ACTION ITEM ->
Using the records below, quote only the span that opens with the line containing "reachable from c, so" and closes with the line containing "have eventually_avoids x", exactly and inclusively.

PROVIDED INFORMATION ->
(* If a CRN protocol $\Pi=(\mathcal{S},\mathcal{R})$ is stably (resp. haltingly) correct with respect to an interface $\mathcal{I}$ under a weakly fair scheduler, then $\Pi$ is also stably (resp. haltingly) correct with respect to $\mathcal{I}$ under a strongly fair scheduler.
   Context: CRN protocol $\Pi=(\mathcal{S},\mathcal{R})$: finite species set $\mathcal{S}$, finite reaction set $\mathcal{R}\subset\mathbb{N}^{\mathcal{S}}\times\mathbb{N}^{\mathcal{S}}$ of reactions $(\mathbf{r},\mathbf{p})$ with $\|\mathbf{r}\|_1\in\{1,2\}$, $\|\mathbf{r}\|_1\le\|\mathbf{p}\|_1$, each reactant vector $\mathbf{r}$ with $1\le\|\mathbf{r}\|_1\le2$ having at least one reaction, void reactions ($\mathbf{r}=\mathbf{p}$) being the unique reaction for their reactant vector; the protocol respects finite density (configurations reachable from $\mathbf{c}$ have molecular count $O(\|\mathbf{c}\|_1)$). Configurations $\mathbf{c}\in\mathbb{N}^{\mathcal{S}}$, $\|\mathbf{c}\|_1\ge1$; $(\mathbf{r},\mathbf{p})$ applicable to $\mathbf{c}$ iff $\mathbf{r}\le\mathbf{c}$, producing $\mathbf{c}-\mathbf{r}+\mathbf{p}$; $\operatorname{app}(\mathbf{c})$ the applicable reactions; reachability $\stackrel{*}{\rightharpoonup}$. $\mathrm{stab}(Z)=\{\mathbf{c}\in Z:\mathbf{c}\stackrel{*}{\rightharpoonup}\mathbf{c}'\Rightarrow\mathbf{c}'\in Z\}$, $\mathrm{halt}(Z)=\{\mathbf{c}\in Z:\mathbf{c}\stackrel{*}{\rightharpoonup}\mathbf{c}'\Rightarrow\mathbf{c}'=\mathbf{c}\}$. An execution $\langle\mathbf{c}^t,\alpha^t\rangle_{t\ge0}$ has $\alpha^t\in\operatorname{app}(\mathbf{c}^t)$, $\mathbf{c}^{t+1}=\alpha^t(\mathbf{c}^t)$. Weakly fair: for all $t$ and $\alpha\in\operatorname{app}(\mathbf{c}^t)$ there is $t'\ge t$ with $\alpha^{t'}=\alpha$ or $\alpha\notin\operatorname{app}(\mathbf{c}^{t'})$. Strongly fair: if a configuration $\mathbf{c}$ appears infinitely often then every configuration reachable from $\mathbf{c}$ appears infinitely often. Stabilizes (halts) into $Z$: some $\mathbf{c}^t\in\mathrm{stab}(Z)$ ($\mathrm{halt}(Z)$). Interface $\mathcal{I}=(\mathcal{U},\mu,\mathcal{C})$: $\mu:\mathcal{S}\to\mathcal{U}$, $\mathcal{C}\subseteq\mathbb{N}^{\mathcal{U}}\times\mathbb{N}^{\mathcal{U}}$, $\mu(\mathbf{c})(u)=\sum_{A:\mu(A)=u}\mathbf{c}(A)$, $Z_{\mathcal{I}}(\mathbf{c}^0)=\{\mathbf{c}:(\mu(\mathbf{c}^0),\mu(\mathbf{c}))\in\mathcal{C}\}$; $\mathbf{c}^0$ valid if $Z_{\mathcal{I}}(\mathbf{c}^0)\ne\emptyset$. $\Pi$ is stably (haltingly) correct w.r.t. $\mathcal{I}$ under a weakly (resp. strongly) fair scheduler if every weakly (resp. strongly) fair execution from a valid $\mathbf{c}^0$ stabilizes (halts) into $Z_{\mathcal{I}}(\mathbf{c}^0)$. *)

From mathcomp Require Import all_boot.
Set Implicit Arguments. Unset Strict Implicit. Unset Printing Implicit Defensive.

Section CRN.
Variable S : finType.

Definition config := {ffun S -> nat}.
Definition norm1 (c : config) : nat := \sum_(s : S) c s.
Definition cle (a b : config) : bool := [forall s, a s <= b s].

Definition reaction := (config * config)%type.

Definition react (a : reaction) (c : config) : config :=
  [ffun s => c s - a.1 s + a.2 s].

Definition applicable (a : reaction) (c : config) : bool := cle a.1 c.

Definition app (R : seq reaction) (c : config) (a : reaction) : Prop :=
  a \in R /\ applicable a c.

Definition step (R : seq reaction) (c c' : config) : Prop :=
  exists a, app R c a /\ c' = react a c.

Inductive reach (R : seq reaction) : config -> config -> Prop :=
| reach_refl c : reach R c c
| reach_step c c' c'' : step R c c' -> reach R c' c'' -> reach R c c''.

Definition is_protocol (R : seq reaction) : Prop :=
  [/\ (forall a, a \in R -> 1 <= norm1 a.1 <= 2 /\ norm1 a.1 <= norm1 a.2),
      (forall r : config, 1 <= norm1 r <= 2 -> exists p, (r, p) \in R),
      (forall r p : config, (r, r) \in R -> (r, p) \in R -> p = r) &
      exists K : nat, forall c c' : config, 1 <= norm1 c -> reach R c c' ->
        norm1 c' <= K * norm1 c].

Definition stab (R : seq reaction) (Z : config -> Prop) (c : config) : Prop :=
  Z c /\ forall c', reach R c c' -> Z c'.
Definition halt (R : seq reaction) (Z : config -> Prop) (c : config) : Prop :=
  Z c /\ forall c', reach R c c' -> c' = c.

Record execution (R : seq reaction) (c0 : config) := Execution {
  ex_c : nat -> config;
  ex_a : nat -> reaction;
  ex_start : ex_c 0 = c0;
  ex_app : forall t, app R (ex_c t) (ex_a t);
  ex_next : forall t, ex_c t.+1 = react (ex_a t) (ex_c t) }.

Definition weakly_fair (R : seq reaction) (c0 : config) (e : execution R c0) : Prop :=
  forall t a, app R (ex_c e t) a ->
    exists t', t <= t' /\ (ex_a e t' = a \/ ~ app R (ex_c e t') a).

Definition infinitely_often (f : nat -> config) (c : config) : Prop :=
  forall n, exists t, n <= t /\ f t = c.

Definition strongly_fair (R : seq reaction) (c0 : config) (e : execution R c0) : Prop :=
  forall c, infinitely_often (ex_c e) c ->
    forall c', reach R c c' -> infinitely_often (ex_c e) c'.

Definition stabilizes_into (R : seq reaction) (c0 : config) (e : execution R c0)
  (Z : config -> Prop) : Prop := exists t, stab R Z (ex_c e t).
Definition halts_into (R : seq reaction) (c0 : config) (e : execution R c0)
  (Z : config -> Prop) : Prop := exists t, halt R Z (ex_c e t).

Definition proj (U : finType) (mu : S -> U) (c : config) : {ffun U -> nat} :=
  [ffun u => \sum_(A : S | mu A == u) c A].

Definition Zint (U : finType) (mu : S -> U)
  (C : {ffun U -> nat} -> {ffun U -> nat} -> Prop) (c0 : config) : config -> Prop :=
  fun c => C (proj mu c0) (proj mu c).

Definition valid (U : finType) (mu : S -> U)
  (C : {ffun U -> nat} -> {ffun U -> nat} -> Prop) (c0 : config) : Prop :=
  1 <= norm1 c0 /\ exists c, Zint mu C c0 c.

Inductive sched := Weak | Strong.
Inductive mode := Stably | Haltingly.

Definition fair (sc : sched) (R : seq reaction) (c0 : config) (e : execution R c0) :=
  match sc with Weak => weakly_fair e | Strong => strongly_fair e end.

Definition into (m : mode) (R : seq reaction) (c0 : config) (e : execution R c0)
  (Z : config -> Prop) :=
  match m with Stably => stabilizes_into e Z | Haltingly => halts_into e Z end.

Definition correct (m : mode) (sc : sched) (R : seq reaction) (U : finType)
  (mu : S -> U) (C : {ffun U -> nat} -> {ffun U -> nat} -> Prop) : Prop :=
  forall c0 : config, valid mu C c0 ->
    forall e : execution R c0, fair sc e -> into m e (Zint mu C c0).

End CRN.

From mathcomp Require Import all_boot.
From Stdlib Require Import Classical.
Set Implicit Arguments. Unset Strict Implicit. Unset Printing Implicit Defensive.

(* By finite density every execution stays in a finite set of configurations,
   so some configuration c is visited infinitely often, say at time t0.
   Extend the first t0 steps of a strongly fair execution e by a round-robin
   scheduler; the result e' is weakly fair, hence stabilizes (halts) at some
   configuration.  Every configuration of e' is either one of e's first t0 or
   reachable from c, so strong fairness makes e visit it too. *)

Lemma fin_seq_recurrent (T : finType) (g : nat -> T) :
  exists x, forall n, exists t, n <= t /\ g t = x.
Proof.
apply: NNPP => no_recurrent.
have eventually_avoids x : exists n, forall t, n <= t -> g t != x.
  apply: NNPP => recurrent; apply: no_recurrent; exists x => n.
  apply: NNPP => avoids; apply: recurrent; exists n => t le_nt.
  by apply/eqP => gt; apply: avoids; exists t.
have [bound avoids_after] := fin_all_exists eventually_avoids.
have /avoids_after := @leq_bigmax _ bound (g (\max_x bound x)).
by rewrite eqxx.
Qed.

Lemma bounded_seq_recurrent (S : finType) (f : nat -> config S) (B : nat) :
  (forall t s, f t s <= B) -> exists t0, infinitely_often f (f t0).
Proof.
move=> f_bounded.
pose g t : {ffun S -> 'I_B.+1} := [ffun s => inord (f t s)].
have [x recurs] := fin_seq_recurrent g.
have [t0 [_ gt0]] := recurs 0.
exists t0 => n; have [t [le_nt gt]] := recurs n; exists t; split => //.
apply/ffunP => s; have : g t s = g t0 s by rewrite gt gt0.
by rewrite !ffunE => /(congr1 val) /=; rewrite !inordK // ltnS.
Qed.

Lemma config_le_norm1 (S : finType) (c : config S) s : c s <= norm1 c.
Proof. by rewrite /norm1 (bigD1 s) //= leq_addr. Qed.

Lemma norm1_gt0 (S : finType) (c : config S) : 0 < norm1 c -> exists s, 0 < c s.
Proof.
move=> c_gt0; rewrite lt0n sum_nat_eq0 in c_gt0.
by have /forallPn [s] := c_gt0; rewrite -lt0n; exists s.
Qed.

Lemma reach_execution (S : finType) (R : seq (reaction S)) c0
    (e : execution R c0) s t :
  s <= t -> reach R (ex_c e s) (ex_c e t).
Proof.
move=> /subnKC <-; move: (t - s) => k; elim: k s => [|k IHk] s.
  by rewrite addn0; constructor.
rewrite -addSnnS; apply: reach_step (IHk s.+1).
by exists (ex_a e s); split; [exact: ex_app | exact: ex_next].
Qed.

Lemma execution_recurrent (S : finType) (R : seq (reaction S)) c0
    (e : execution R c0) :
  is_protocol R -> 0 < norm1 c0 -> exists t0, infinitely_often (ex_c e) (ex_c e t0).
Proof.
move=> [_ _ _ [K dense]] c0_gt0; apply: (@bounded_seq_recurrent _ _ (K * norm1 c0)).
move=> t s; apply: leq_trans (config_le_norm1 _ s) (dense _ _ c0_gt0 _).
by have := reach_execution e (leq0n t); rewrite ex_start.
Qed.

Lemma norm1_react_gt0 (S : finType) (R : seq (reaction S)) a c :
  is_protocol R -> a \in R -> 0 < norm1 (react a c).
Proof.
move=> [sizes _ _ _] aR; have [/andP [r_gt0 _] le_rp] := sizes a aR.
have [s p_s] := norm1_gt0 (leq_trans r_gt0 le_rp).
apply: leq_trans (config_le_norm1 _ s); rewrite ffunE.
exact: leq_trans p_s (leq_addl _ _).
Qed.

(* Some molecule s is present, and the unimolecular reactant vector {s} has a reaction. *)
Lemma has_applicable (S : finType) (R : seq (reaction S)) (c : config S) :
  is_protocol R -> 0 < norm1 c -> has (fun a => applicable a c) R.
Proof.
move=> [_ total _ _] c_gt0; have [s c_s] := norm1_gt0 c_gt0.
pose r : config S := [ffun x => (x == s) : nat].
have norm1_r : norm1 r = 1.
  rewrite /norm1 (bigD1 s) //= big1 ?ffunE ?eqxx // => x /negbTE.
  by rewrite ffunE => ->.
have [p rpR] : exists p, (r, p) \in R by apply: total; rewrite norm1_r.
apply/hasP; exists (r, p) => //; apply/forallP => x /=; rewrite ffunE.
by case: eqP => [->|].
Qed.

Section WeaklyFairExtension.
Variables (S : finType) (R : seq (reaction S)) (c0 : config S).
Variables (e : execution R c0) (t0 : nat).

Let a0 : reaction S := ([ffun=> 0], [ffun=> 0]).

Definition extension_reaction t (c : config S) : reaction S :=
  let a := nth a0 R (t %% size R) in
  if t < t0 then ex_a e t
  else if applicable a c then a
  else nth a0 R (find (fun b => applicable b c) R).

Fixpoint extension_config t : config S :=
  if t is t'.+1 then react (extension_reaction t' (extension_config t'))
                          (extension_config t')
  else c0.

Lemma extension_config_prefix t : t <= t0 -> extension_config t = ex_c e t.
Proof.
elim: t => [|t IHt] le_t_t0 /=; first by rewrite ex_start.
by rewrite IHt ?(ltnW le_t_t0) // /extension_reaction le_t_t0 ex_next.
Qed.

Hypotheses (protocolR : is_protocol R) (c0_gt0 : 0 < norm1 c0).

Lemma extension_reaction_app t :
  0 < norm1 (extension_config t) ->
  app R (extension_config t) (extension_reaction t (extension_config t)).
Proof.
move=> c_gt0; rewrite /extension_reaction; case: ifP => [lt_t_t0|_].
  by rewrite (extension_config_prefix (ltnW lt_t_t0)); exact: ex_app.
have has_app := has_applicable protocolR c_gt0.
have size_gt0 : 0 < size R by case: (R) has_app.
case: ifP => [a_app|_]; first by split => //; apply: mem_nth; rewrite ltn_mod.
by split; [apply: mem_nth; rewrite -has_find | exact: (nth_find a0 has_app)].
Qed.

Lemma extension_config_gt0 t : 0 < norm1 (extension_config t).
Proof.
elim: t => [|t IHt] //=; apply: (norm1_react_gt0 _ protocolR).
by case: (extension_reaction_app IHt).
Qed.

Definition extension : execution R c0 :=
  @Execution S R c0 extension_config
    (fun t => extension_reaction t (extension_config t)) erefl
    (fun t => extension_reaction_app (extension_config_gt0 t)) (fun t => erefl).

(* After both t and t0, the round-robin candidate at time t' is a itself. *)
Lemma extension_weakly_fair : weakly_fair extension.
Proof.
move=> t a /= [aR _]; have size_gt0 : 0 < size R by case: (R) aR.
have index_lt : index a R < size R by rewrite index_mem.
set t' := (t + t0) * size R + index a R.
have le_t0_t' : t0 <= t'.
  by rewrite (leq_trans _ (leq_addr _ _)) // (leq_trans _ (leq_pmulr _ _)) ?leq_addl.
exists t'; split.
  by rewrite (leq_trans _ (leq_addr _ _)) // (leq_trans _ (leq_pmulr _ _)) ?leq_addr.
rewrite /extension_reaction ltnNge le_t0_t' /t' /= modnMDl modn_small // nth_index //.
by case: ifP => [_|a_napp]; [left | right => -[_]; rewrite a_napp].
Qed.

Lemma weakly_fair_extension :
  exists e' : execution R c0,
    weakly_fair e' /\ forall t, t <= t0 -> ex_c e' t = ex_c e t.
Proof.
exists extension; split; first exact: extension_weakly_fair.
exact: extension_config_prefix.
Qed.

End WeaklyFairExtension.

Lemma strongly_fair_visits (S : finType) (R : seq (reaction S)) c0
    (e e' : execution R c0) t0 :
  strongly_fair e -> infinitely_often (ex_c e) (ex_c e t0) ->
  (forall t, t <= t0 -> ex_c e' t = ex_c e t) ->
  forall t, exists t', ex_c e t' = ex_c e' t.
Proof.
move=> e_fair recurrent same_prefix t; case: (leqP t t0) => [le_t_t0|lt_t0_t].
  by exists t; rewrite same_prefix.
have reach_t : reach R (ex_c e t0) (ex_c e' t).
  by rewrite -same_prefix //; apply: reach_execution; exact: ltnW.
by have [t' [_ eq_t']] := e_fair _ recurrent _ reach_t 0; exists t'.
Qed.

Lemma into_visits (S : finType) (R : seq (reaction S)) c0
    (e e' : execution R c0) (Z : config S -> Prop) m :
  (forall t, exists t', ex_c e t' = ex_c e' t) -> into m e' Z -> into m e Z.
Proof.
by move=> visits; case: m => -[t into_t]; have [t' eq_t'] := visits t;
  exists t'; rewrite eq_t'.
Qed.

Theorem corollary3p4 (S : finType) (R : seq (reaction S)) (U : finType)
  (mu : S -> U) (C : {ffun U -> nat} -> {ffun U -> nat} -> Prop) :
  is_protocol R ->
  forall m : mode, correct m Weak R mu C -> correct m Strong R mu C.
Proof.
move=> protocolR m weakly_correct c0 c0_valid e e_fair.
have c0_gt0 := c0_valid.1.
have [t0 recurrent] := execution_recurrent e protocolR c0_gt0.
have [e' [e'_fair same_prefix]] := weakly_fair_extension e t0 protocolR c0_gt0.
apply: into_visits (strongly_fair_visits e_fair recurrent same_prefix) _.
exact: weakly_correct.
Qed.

RESPONSE AREA ->
   reachable from c, so strong fairness makes e visit it too. *)

Lemma fin_seq_recurrent (T : finType) (g : nat -> T) :
  exists x, forall n, exists t, n <= t /\ g t = x.
Proof.
apply: NNPP => no_recurrent.
have eventually_avoids x : exists n, forall t, n <= t -> g t != x.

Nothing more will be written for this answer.